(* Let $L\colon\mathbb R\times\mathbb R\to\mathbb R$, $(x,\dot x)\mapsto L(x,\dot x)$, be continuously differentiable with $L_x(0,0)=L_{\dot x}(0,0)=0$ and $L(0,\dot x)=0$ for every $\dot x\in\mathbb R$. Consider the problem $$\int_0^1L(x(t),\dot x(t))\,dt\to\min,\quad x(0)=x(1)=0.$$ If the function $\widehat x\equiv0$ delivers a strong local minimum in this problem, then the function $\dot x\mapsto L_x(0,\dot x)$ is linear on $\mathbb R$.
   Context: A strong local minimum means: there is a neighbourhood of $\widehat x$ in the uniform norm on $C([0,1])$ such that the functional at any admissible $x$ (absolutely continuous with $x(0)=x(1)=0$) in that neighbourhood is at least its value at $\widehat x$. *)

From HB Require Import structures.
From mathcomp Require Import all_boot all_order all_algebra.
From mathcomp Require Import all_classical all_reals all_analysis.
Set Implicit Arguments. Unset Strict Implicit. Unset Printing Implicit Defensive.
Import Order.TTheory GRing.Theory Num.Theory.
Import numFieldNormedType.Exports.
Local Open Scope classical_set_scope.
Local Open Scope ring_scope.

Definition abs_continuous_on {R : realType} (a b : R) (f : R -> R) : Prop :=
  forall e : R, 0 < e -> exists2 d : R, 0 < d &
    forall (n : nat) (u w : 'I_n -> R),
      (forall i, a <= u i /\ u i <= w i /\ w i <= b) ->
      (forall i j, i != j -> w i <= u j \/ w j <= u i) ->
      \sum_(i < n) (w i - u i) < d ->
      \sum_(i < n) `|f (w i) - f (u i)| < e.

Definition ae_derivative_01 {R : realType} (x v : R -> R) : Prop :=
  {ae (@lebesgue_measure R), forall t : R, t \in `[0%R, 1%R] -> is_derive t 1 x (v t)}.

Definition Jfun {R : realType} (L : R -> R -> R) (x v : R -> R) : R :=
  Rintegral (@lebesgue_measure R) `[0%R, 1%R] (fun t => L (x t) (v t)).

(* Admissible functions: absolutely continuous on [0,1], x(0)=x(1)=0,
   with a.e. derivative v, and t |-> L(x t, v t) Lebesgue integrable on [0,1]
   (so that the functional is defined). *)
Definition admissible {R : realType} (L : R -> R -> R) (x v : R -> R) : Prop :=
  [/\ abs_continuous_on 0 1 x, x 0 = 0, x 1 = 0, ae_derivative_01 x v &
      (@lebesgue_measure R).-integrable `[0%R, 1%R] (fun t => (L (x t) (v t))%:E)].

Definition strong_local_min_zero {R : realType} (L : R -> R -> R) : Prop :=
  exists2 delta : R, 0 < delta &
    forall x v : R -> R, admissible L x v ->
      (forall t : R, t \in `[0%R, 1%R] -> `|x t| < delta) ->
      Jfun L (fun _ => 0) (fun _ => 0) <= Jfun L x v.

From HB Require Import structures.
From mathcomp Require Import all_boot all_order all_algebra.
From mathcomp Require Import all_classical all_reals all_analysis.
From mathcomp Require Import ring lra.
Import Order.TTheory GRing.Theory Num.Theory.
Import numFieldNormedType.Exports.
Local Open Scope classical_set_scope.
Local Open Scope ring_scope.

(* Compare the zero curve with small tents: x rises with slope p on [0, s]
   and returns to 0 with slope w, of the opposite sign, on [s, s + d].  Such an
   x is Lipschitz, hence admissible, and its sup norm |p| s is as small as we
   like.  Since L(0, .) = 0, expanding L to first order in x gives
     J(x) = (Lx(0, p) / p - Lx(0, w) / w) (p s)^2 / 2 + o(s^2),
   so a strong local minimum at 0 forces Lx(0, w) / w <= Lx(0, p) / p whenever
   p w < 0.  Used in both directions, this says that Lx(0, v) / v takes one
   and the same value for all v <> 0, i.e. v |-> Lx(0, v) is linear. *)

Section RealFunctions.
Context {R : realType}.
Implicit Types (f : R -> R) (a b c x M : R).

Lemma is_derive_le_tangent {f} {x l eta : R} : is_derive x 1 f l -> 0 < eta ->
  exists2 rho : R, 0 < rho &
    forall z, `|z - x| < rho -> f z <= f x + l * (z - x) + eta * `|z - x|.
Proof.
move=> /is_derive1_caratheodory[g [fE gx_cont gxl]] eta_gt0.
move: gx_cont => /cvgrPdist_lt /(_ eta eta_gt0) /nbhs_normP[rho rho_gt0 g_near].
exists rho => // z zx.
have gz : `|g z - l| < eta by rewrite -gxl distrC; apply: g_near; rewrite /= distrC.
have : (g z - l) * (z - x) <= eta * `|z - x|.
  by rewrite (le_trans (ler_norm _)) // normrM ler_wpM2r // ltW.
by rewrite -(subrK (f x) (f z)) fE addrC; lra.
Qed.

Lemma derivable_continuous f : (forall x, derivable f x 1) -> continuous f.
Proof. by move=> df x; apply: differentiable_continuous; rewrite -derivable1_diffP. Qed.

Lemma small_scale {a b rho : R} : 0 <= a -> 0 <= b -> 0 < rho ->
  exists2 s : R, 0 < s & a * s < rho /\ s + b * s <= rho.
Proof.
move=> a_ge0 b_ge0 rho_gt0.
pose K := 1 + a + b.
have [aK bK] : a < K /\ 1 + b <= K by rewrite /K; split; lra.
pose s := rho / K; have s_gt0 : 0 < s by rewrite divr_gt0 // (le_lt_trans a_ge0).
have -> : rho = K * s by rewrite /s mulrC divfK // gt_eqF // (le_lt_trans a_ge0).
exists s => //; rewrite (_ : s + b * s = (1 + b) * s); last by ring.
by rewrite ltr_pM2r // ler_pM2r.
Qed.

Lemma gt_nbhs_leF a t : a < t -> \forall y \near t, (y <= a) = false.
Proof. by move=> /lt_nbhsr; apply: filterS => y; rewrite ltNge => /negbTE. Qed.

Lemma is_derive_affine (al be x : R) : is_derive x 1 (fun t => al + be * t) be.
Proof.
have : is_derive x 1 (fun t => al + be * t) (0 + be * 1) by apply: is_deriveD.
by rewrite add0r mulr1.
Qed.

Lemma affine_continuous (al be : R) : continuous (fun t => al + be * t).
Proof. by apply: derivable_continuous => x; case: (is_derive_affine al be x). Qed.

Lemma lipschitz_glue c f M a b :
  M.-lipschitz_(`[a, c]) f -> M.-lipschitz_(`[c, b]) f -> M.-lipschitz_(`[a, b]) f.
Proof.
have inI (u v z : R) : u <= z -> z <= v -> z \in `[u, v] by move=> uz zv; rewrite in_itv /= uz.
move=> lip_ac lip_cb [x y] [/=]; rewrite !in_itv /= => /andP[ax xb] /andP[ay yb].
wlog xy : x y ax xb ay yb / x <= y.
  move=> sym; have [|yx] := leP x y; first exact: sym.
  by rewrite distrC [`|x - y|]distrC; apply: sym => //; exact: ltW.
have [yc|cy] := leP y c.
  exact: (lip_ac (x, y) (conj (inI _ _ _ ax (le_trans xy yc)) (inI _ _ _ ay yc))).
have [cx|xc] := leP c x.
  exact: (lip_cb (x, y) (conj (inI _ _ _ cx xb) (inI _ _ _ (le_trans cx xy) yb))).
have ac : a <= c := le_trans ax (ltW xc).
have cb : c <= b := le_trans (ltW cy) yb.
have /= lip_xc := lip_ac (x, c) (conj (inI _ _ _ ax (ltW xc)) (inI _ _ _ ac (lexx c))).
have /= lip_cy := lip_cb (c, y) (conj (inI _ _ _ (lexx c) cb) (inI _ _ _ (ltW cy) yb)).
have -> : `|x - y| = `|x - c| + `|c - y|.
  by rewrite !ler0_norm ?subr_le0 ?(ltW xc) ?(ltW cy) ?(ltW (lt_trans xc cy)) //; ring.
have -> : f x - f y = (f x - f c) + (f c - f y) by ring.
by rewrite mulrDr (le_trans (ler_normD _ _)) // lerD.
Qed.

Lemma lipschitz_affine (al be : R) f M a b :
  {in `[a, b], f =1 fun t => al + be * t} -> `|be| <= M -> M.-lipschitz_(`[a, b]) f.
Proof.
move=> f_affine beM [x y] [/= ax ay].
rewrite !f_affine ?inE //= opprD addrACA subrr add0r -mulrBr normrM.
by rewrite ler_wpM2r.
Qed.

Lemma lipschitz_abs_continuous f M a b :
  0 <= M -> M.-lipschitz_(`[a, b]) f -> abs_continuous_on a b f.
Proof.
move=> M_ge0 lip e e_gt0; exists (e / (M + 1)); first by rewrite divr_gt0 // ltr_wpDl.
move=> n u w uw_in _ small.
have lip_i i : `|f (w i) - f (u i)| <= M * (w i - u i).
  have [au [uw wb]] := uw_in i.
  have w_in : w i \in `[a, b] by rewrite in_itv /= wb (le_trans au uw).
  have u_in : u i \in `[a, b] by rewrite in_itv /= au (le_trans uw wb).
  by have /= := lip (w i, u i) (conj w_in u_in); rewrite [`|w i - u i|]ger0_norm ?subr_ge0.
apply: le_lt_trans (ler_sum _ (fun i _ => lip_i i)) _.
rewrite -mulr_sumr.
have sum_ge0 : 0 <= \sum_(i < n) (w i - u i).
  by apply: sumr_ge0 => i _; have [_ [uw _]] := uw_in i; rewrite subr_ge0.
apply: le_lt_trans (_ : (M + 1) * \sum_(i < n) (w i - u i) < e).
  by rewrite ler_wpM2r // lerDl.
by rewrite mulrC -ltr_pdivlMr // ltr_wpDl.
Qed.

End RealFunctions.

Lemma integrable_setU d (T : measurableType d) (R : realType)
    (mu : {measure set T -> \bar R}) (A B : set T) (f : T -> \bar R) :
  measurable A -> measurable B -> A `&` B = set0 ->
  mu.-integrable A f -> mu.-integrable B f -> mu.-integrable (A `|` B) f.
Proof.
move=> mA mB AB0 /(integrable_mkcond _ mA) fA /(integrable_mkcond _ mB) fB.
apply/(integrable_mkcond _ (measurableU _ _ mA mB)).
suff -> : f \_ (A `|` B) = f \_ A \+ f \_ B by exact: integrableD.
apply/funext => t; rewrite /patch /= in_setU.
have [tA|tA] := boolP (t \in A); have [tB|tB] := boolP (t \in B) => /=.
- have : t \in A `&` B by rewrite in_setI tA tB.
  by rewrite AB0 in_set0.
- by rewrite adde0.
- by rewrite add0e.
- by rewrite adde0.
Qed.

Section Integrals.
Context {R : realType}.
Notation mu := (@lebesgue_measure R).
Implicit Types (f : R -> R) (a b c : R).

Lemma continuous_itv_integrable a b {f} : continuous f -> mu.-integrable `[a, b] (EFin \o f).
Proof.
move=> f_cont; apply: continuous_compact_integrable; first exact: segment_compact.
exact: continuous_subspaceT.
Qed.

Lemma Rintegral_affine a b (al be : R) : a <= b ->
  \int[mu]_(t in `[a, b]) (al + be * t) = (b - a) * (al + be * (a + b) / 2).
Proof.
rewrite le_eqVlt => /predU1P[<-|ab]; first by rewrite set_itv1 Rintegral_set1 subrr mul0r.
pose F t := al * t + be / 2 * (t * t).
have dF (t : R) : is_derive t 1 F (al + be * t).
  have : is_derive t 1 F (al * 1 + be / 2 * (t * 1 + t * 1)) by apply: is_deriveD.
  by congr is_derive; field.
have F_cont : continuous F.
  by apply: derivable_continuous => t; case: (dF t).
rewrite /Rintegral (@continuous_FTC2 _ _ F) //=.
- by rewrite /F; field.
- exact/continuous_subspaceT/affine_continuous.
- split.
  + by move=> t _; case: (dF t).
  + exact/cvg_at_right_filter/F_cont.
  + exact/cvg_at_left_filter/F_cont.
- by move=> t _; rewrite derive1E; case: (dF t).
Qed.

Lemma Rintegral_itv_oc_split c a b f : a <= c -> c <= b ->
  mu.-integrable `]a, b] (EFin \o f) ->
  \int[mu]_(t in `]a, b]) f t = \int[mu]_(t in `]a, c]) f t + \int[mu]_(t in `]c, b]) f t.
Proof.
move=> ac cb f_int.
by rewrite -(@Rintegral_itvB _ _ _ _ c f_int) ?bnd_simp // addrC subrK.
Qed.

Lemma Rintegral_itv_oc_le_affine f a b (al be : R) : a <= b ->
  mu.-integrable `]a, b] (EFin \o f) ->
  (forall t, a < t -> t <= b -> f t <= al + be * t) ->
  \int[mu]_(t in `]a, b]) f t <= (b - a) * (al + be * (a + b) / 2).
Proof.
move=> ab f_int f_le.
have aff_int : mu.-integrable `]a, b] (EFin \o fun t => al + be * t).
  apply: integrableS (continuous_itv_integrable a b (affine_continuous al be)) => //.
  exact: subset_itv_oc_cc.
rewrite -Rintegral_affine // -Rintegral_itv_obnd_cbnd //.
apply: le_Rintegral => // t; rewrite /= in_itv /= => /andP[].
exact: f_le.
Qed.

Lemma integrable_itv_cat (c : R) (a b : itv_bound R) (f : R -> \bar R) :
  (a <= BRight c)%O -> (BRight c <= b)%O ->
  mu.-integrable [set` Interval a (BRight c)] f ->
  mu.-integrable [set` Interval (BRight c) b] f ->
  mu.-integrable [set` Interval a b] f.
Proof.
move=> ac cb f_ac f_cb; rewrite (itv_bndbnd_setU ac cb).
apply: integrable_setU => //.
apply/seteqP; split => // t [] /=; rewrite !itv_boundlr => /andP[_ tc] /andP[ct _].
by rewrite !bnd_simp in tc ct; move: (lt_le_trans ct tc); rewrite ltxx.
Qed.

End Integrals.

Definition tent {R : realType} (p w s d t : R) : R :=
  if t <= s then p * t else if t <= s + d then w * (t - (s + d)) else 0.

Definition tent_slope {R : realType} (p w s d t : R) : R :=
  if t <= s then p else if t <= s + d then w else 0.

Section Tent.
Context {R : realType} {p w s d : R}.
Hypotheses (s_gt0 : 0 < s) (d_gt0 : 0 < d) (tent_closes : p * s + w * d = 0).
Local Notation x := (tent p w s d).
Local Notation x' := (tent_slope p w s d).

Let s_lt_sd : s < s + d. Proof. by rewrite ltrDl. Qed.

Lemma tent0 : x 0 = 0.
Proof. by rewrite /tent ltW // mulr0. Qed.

(Prompt) For this exercise, repeat exactly the lines of the data above from the one with "order in x gives" down to the one with "l -> 0 < eta ->", both end lines included.

(Exercise response)
   like.  Since L(0, .) = 0, expanding L to first order in x gives
     J(x) = (Lx(0, p) / p - Lx(0, w) / w) (p s)^2 / 2 + o(s^2),
   so a strong local minimum at 0 forces Lx(0, w) / w <= Lx(0, p) / p whenever
   p w < 0.  Used in both directions, this says that Lx(0, v) / v takes one
   and the same value for all v <> 0, i.e. v |-> Lx(0, v) is linear. *)

Section RealFunctions.
Context {R : realType}.
Implicit Types (f : R -> R) (a b c x M : R).

Lemma is_derive_le_tangent {f} {x l eta : R} : is_derive x 1 f l -> 0 < eta ->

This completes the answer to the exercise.